From the above, it is apparent that marine estuarine‐opportunists are able to use alternative marine nursery areas, whereas marine estuarine‐dependents do not have alternative suitable nursery habitats nearby. For example, the 0+ juveniles of Mugil cephalus in Western Australia are almost exclusively found in estuaries in south‐western Australia, where there are numerous rivers (Lenanton & Potter 1987, Chuwen et al. 2009). However, similar sized juvenile M. cephalus are also abundant in nearshore waters of regions further north where there are no estuaries. Hence, this species does not have to rely on estuaries as a nursery area, but uses them opportunistically when they are present. Similarly, juvenile Pleuronectes platessa in the North Sea use estuaries opportunistically as nursery grounds, but also employ other suitable shallow, sandbank habitats (Elliott & Hemingway 2002). In contrast, 0+ juveniles of Rhabdosargus holubi are abundant in South African estuaries but seldom recorded in adjacent marine waters (Wallace et al. 1984). The terms opportunist and dependent therefore illustrate fundamental differences in the importance of estuaries to particular species (Blaber et al. 1989).

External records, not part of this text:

Definition std_BM {p : nat} (W : 'I_p -> R -> T -> R) : Prop :=
  (forall c, std_BM1 (W c)) /\
  @indep_families 'I_p (fun _ => R) (fun _ t => 0 <= t) (fun c t => W c t).

Definition indep_std_BM {p : nat} (W1 W2 : 'I_p -> R -> T -> R) : Prop :=
  [/\ std_BM W1, std_BM W2 &
      @indep_families bool (fun _ => ('I_p * R)%type) (fun _ ct => 0 <= ct.2)
        (fun b ct => if b then W1 ct.1 ct.2 else W2 ct.1 ct.2)].

(* strict stationarity of (Y_i)_{i >= 1}: the finite-dimensional joint
   distributions (tested on measurable rectangles) are shift invariant *)
Definition stationary {p : nat} (Y : nat -> 'I_p -> T -> R) : Prop :=
  forall (s : seq (nat * 'I_p)) (B : nat * 'I_p -> set R) (h : nat),
  (forall x, measurable (B x)) -> (forall x, x \in s -> (1 <= x.1)%N) ->
  P (bigI s (fun x => Y x.1 x.2 @^-1` B x)) =
  P (bigI s (fun x => Y (x.1 + h)%N x.2 @^-1` B x)).

Definition cov (X Z : T -> R) : R := fine (covariance P X Z).

(* Sigma = Cov(Y1,Y1) + sum_{i>=2} {Cov(Y1,Yi) + Cov(Yi,Y1)}, series converging *)
Definition long_run_cov {p : nat} (Y : nat -> 'I_p -> T -> R) (S : 'M[R]_p) : Prop :=
  forall a b : 'I_p,
  (fun n : nat => \sum_(2 <= i < n) (cov (Y 1%N a) (Y i b) + cov (Y i a) (Y 1%N b)))
    @ \oo --> S a b - cov (Y 1%N a) (Y 1%N b).

Definition meanv {p : nat} (Y : nat -> 'I_p -> T -> R) : 'cV[R]_p :=
  \col_c fine ('E_P[Y 1%N c])%E.

Definition OP1 (X : nat -> T -> \bar R) : Prop :=
  forall eps : R, 0 < eps -> exists M : R, exists m0 : nat, forall m : nat,
  (m0 <= m)%N -> ((1 - eps)%:E <= P [set w | (X m w <= M%:E)%E])%E.

Definition oP1 (X : nat -> T -> \bar R) : Prop :=
  forall eps delta : R, 0 < eps -> 0 < delta -> exists m0 : nat, forall m : nat,
  (m0 <= m)%N -> ((1 - delta)%:E <= P [set w | (`|X m w| <= eps%:E)%E])%E.

End Prob.

Definition sup_after {R : realType} {T : Type} (m : nat) (f : nat -> T -> R) (w : T)
  : \bar R := ereal_sup [set (f k w)%:E | k in [set k : nat | (m < k)%N]].

Section Stats.
Context {R : realType} {T : Type} {p : nat}.

Definition Yv (Y : nat -> 'I_p -> T -> R) (i : nat) (w : T) : 'cV[R]_p :=
  colv (fun c => Y i c w).

Definition Wv (W : 'I_p -> R -> T -> R) (t : R) (w : T) : 'cV[R]_p :=
  colv (fun c => W c t w).

Definition Ybar (Y : nat -> 'I_p -> T -> R) (j k : nat) (w : T) : 'cV[R]_p :=
  ((k - j + 1)%N%:R)^-1 *: \sum_(j <= i < k.+1) Yv Y i w.

Definition Dtilde (Y : nat -> 'I_p -> T -> R) (Sinv : 'M[R]_p) (m k : nat) (w : T) : R :=
  \big[Num.max/0]_(m <= j < k)
     ((j * (k - j))%N%:R / (m%:R `^ (3 / 2)) *
       Mnorm Sinv (Ybar Y 1 j w - Ybar Y j.+1 k w)).

Definition Dbar (Sh Sinv : 'M[R]_p) (W1m W2m : 'I_p -> R -> T -> R) (m k : nat)
  (w : T) : R :=
  (Num.sqrt m%:R)^-1 * \big[Num.max/0]_(m <= j < k)
     Mnorm Sinv ((k%:R / m%:R) *: (Sh *m (Wv W2m m%:R w + Wv W1m (j - m)%N%:R w))
               - (j%:R / m%:R) *: (Sh *m (Wv W2m m%:R w + Wv W1m (k - m)%N%:R w))).

End Stats.

(* Write S_j = \sum_{i <= j} (Y_i - E Y_1) and G_j = Sigma^{1/2} (W_{2,m}(m) +
   W_{1,m}(j - m)) for its Gaussian approximation.  The identity
   j (k - j) (Ybar_{1:j} - Ybar_{j+1:k}) = k S_j - j S_k makes the j-th terms of
   D~_m(k) and D-_m(k) equal to m^{-3/2} ||k S_j - j S_k|| and
   m^{-3/2} ||k G_j - j G_k|| in the Sigma^{-1}-norm.  On the event where both
   strong approximations hold with constants M1, M2 (probability close to 1 for
   large m) and W_{1,m}(0) = 0 (almost sure), ||S_j - G_j||_2 <= (M1 + M2) k^xi
   for m <= j <= k, so by the triangle inequality of the Sigma^{-1}-norm
   (Cauchy-Schwarz) the two maxima differ by at most C m^{-3/2} k^{1+xi}.  After
   the weight (m/k)^{3/2+eta} this is at most C m^{xi-1/2}, which vanishes since
   xi < 1/2. *)

From HB Require Import structures.
From mathcomp Require Import all_boot all_order all_algebra.
From mathcomp Require Import all_classical all_reals all_analysis.
From mathcomp Require Import ring lra.
Import Order.TTheory GRing.Theory Num.Theory.
Import numFieldTopology.Exports measurable_realfun.
Local Open Scope classical_set_scope.
Local Open Scope ring_scope.

Section QuadraticForm.
Context {R : realType} {p : nat}.
Implicit Types (M : 'M[R]_p) (u v w : 'cV[R]_p).

Definition qform M u v : R := (u^T *m M *m v) 0 0.

Definition psd M := M^T = M /\ forall v, 0 <= qform M v v.

Lemma qformC M u v : M^T = M -> qform M u v = qform M v u.
Proof.
move=> MT; rewrite /qform.
have -> : (u^T *m M *m v) 0 0 = (u^T *m M *m v)^T 0 0 by rewrite [RHS]mxE.
by rewrite !trmx_mul MT trmxK mulmxA.
Qed.

Lemma qformDl M u v w : qform M (u + v) w = qform M u w + qform M v w.
Proof. by rewrite /qform linearD /= !mulmxDl mxE. Qed.

Lemma qformZl M a u w : qform M (a *: u) w = a * qform M u w.
Proof. by rewrite /qform linearZ /= -!scalemxAl mxE. Qed.

Lemma qformDr M u v w : qform M w (u + v) = qform M w u + qform M w v.
Proof. by rewrite /qform mulmxDr mxE. Qed.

Estuaries provide essential routes for the migration of diadromous species (Elliott & Hemingway 2002, Able 2005). The term diadromy is taken here, and by others such as McDowall (1988), not to imply a tolerance to stable, variable or low salinities, but rather an ability of a fish to change its physiology while moving between water bodies of different and stable salinities. Hence, the classical diadromous species such as anguillid eels moving from freshwater to seawater to breed (catadromy) and salmonids and lampreys moving in the opposite direction (anadromy) undergo a major physiological adjustment to tolerate the changing environmental salinities. As diadromy has been used to imply transfer from seawater to freshwater or vice versa, the established diadromous terms anadromy and catadromy have been retained by Elliott et al. (2007) and Potter et al. (2015a) for species that undertake migrations between freshwaters and the sea, for reproduction ( Figure 2.10). However, these authors also adopted the terms semi‐anadromous and semi‐catadromous for those few species whose landward or seaward migrations for spawning, respectively, stop within the estuary or other transitional water body ( Figure 2.10).

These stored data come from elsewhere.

(* Shifting [G] by a constant [c] does not change best responses, and the
   normalised solution [z / \sum z] of the LCP for [G + c > 0] is an equilibrium. *)
Lemma symmetric_nash_exists (R : realFieldType) (n : nat) (G : 'I_n -> 'I_n -> R) :
  (0 < n)%N -> exists nu : 'I_n -> R, [/\ forall j, 0 <= nu j, \sum_j nu j = 1 &
    forall k, \sum_j G k j * nu j <= \sum_i nu i * \sum_j G i j * nu j].
Proof.
move=> n_gt0; pose c := 1 + \sum_(p : 'I_n * 'I_n) `|G p.1 p.2|.
have M_gt0 i j : 0 < (\matrix_(i, j) (G i j + c)) i j.
  rewrite mxE /c (bigD1 (i, j)) //=; have := ler_norm (- G i j); rewrite normrN.
  have : 0 <= \sum_(p | p != (i, j)) `|G p.1 p.2| by apply: sumr_ge0.
  lra.
have [z [z_ge0 Mz_le1 Mz_eq1 [j0 zj0_gt0]]] := lcp_positive_solution M_gt0 n_gt0.
pose s := \sum_j z j 0; pose a k := \sum_j G k j * z j 0.
have s_gt0 : 0 < s.
  by rewrite /s (bigD1 j0) //= ltr_pwDl ?sumr_ge0.
have MzE i : (\matrix_(i, j) (G i j + c) *m z) i 0 = a i + c * s.
  rewrite mxE /a /s mulr_sumr -big_split; apply: eq_bigr => j _.
  by rewrite mxE mulrDl mulrC.
have a_le k : a k <= 1 - c * s by have := Mz_le1 k; rewrite MzE lerBrDr.
have za_eq i : z i 0 * a i = z i 0 * (1 - c * s).
  have [zi_gt0|] := ltP 0 (z i 0); first by rewrite -(Mz_eq1 i zi_gt0) MzE addrK.
  by rewrite le_eqVlt ltNge z_ge0 orbF => /eqP ->; rewrite !mul0r.
have Gnu k : \sum_j G k j * (z j 0 / s) = a k / s.
  by rewrite /a mulr_suml; apply: eq_bigr => j _; rewrite mulrA.
have payoffE : \sum_i z i 0 / s * \sum_j G i j * (z j 0 / s) = (1 - c * s) / s.
  transitivity (\sum_i z i 0 * (1 - c * s) / (s * s)).
    by apply: eq_bigr => i _; rewrite Gnu -za_eq; field; rewrite gt_eqF.
  by rewrite -!mulr_suml -/s; field; rewrite gt_eqF.
exists (fun j => z j 0 / s); split.
- by move=> j; rewrite divr_ge0 ?z_ge0 ?ltW.
- by rewrite -mulr_suml mulfV ?gt_eqF.
- by move=> k; rewrite Gnu payoffE ler_pM2r ?invr_gt0.
Qed.

Section AffineOnDistributions.
Variables (R : realType) (X : finType).

Definition affine_on_dist (f : {ffun X -> R} -> R) :=
  forall (mu1 mu2 : {ffun X -> R}) (t : R),
    is_dist mu1 -> is_dist mu2 -> 0 <= t <= 1 ->
    f [ffun x => t * mu1 x + (1 - t) * mu2 x] = t * f mu1 + (1 - t) * f mu2.

Lemma is_dist_mix k (nu : 'I_k -> R) (mu : 'I_k -> {ffun X -> R}) :
  (forall j, 0 <= nu j) -> \sum_j nu j = 1 -> (forall j, is_dist (mu j)) ->
  is_dist [ffun x => \sum_j nu j * mu j x].
Proof.
move=> nu_ge0 nu_sum1 mu_dist; split=> [x|].
  by rewrite ffunE sumr_ge0 // => j _; rewrite mulr_ge0 //; case: (mu_dist j).
under eq_bigr do rewrite ffunE.
rewrite exchange_big /= -nu_sum1; apply: eq_bigr => j _.
by rewrite -mulr_sumr; case: (mu_dist j) => _ ->; rewrite mulr1.
Qed.

Lemma affine_on_dist_mix f : affine_on_dist f ->
  forall k (nu : 'I_k -> R) (mu : 'I_k -> {ffun X -> R}),
  (forall j, 0 <= nu j) -> \sum_j nu j = 1 -> (forall j, is_dist (mu j)) ->
  f [ffun x => \sum_j nu j * mu j x] = \sum_j nu j * f (mu j).
Proof.
move=> f_aff; elim=> [|k IH] nu mu nu_ge0 nu_sum1 mu_dist.
  by move: nu_sum1; rewrite big_ord0 => /eqP; rewrite eq_sym oner_eq0.
move: nu_sum1; rewrite !big_ord_recl; set t := nu ord0 => nu_sum1.
have rest_sum : \sum_(i < k) nu (lift ord0 i) = 1 - t by rewrite -nu_sum1 addrC addKr.
have t_le1 : t <= 1.
  by rewrite -subr_ge0 -rest_sum sumr_ge0.
have [t1|t_neq1] := eqVneq t 1.
  have rest0 i : nu (lift ord0 i) = 0.
    apply: (psumr_eq0P (P := predT) (F := fun i => nu (lift ord0 i))) => //.
    by rewrite rest_sum t1 subrr.
  rewrite t1 mul1r big1 ?addr0 => [|i _]; last by rewrite rest0 mul0r.
  congr f; apply/ffunP => x; rewrite ffunE big_ord_recl -/t t1 mul1r big1 ?addr0 //.
  by move=> i _; rewrite rest0 mul0r.
have s_gt0 : 0 < 1 - t by rewrite subr_gt0 lt_neqAle t_neq1 t_le1.
pose nu' i := nu (lift ord0 i) / (1 - t).
have nu'_sum1 : \sum_i nu' i = 1 by rewrite -mulr_suml rest_sum divff ?gt_eqF.
have nu'_ge0 i : 0 <= nu' i by rewrite divr_ge0 ?nu_ge0 ?ltW.
have -> : [ffun x => \sum_j nu j * mu j x] =
    [ffun x => t * mu ord0 x + (1 - t) *
      [ffun x => \sum_j nu' j * mu (lift ord0 j) x] x].
  apply/ffunP => x; rewrite !ffunE big_ord_recl mulr_sumr; congr (_ + _).
  by apply: eq_bigr => j _; rewrite /nu'; field; rewrite gt_eqF.
rewrite f_aff ?IH ?nu_ge0 ?t_le1 //; last exact: is_dist_mix.
congr (_ + _); rewrite mulr_sumr; apply: eq_bigr => j _.
by rewrite /nu'; field; rewrite gt_eqF.
Qed.

End AffineOnDistributions.

Section RestrictedGame.
Variables (R : realType) (X A : finType).
Variables (occ : policy R X A -> {ffun X -> R}) (r : X -> A -> {ffun X -> R} -> R).
Variables (n : nat) (pol : 'I_n -> policy R X A).
Implicit Type nu : {ffun 'I_n -> R}.

Lemma nash_restricted_cce nu :
  restricted_nash occ r pol nu -> restricted_cce occ r pol [:: (1, nu)].
Proof.
move=> [nu_dist nu_nash]; split; last by move=> k; rewrite big_seq1 mul1r subr_le0.
split=> [p|]; last by rewrite big_seq1.
by rewrite mem_seq1 => /eqP ->.
Qed.

Lemma nash_support nu : restricted_nash occ r pol nu -> forall i,
  nu i * J occ r (pol i) (mu_of occ pol nu) =
  nu i * J_mix occ r pol nu (mu_of occ pol nu).
Proof.
move=> [[nu_ge0 nu_sum1] nu_nash] i; set mu := mu_of occ pol nu.
have gap_ge0 j : 0 <= nu j * (J_mix occ r pol nu mu - J occ r (pol j) mu).
  by rewrite mulr_ge0 ?subr_ge0.
have gap_sum0 : \sum_j nu j * (J_mix occ r pol nu mu - J occ r (pol j) mu) = 0.
  by under eq_bigr do rewrite mulrBr; rewrite sumrB -mulr_suml nu_sum1 mul1r subrr.
apply/eqP; rewrite eq_sym -subr_eq0 -mulrBr; apply/eqP.
by apply: (psumr_eq0P (P := predT) (F := fun j => nu j * _)) => // j _.
Qed.

Lemma nash_restricted_ce nu :
  restricted_nash occ r pol nu -> restricted_ce occ r pol [:: (1, nu)].
Proof.
move=> nu_nash; have [[nu_ge0 _] nu_br] := nu_nash.
split; first exact/(nash_restricted_cce nu_nash).1.
move=> i k; rewrite big_seq1 mul1r /= mulrBr nash_support // -mulrBr.
by rewrite mulr_ge0_le0 ?subr_le0.
Qed.

Lemma restricted_nash_exists :
  (forall pi, is_policy pi -> is_dist (occ pi)) -> (0 < n)%N ->
  (forall i, is_policy (pol i)) -> mu_diff_affine occ r ->
  exists nu, restricted_nash occ r pol nu.
Proof.
move=> occ_dist n_gt0 pol_pol J_aff; pose i0 : 'I_n := Ordinal n_gt0.
pose D k mu := J occ r (pol k) mu - J occ r (pol i0) mu.
have [nu [nu_ge0 nu_sum1 nu_sym]] :=
  symmetric_nash_exists (fun k j => D k (occ (pol j))) n_gt0.
pose nuf : {ffun 'I_n -> R} := [ffun j => nu j]; set mu := mu_of occ pol nuf.
have D_mu k : \sum_j D k (occ (pol j)) * nu j = D k mu.
  under eq_bigr do rewrite mulrC.
  rewrite -affine_on_dist_mix // => [|mu1 mu2 t *|j]; last exact: occ_dist.
    by congr D; apply/ffunP => x; rewrite !ffunE; apply: eq_bigr => j _; rewrite ffunE.
  exact: J_aff.
have D_mix : \sum_i nu i * D i mu = J_mix occ r pol nuf mu - J occ r (pol i0) mu.
  rewrite -[J _ _ (pol i0) mu]mul1r -nu_sum1 mulr_suml -sumrB.
  by apply: eq_bigr => i _; rewrite ffunE mulrBr.
exists nuf; split.
  by split=> [j|]; rewrite ?ffunE //; under eq_bigr do rewrite ffunE.
move=> k; have := nu_sym k; rewrite D_mu.
under eq_bigr do rewrite D_mu.
by rewrite D_mix lerD2r.
Qed.
(* For every $\varepsilon>0$ there exists a convex polygon $C$ in the plane such that $C$ has a unique minimum-area enclosing rectangle $R_A$ and a unique minimum-perimeter enclosing rectangle $R_P$, and the orientations of $R_A$ and $R_P$ differ by an angle greater than $90^\circ-\varepsilon$.
   Context: For a convex region $C$ in the plane, an enclosing rectangle of $C$ is a rectangle (of arbitrary position and rotation) containing $C$. A minimum-area (resp. minimum-perimeter) enclosing rectangle is an enclosing rectangle of least area (resp. least perimeter) among all enclosing rectangles of $C$. The orientation of a rectangle is the direction of the line containing one of its longer sides. The difference in orientation of two rectangles is the (unsigned) angle in $[0^\circ,90^\circ]$ between these two lines. *)

From Stdlib Require Import Reals List.
Import ListNotations.
Open Scope R_scope.

Definition pt := (R * R)%type.

Definition wsum (w : list R) (P : list pt) : pt :=
  fold_right (fun (ap : R * pt) (acc : pt) =>
                (fst ap * fst (snd ap) + fst acc, fst ap * snd (snd ap) + snd acc))
             (0, 0) (combine w P).

Definition conv_hull (P : list pt) (x : pt) : Prop :=
  exists w : list R,
    length w = length P /\ Forall (fun a => 0 <= a) w /\
    fold_right Rplus 0 w = 1 /\ x = wsum w P.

In addition to anadromy and catadromy, the term amphidromy has been used (e.g. McDowall 1992). Myers (1949) defines an amphidromous strategy as ‘Diadromous fishes whose migration from fresh water to the sea, or vice versa, is not for the purpose of breeding but occurs regularly at some other definite stage of the life cycle’ ( Figure 2.10). Although McDowall (1997) divided the amphidromy category into freshwater and marine amphidromous fish species, he later dropped marine amphidromy because of the apparent absence of this life cycle on a global scale (McDowall 2007).

Freshwater amphidromy is employed as a life‐history style by a large number of fish species and some crustaceans (Pattillo et al. 1997). Such aggregations have been referred to as ‘tismiche’. Examples of amphidromous postlarval fishes that have been identified from these aggregations at Tortuguero, Costa Rica, have included the Dormitator maculatus and Awaous tajasicae (Gilbert & Kelso 1971, Nordlie 1981, Winemiller & Ponwith 1998). Similarly, Keith (2003) extensively discusses the amphidromous gobiid fishes of Indo‐Pacific and Caribbean areas. After being spawned in freshwaters, the embryos drift seaward for a planktonic phase before returning to freshwaters for growth and reproduction, e.g. the genera Lentipes , Sicyopterus and Stenogobius in the Indo‐Pacific and Sicydium and Awaous in the Caribbean. Amphidromous species have also been recorded in temperate climates including members of the Cottidae (11–23 species) in Japan, Eleotridae in North and South America and New Zealand and Galaxiidae (11 species), Prototroctinae (2 species) and Retropinninae (4 species) in southern Australia and New Zealand (Nordlie 2012, Augspurger et al. 2017).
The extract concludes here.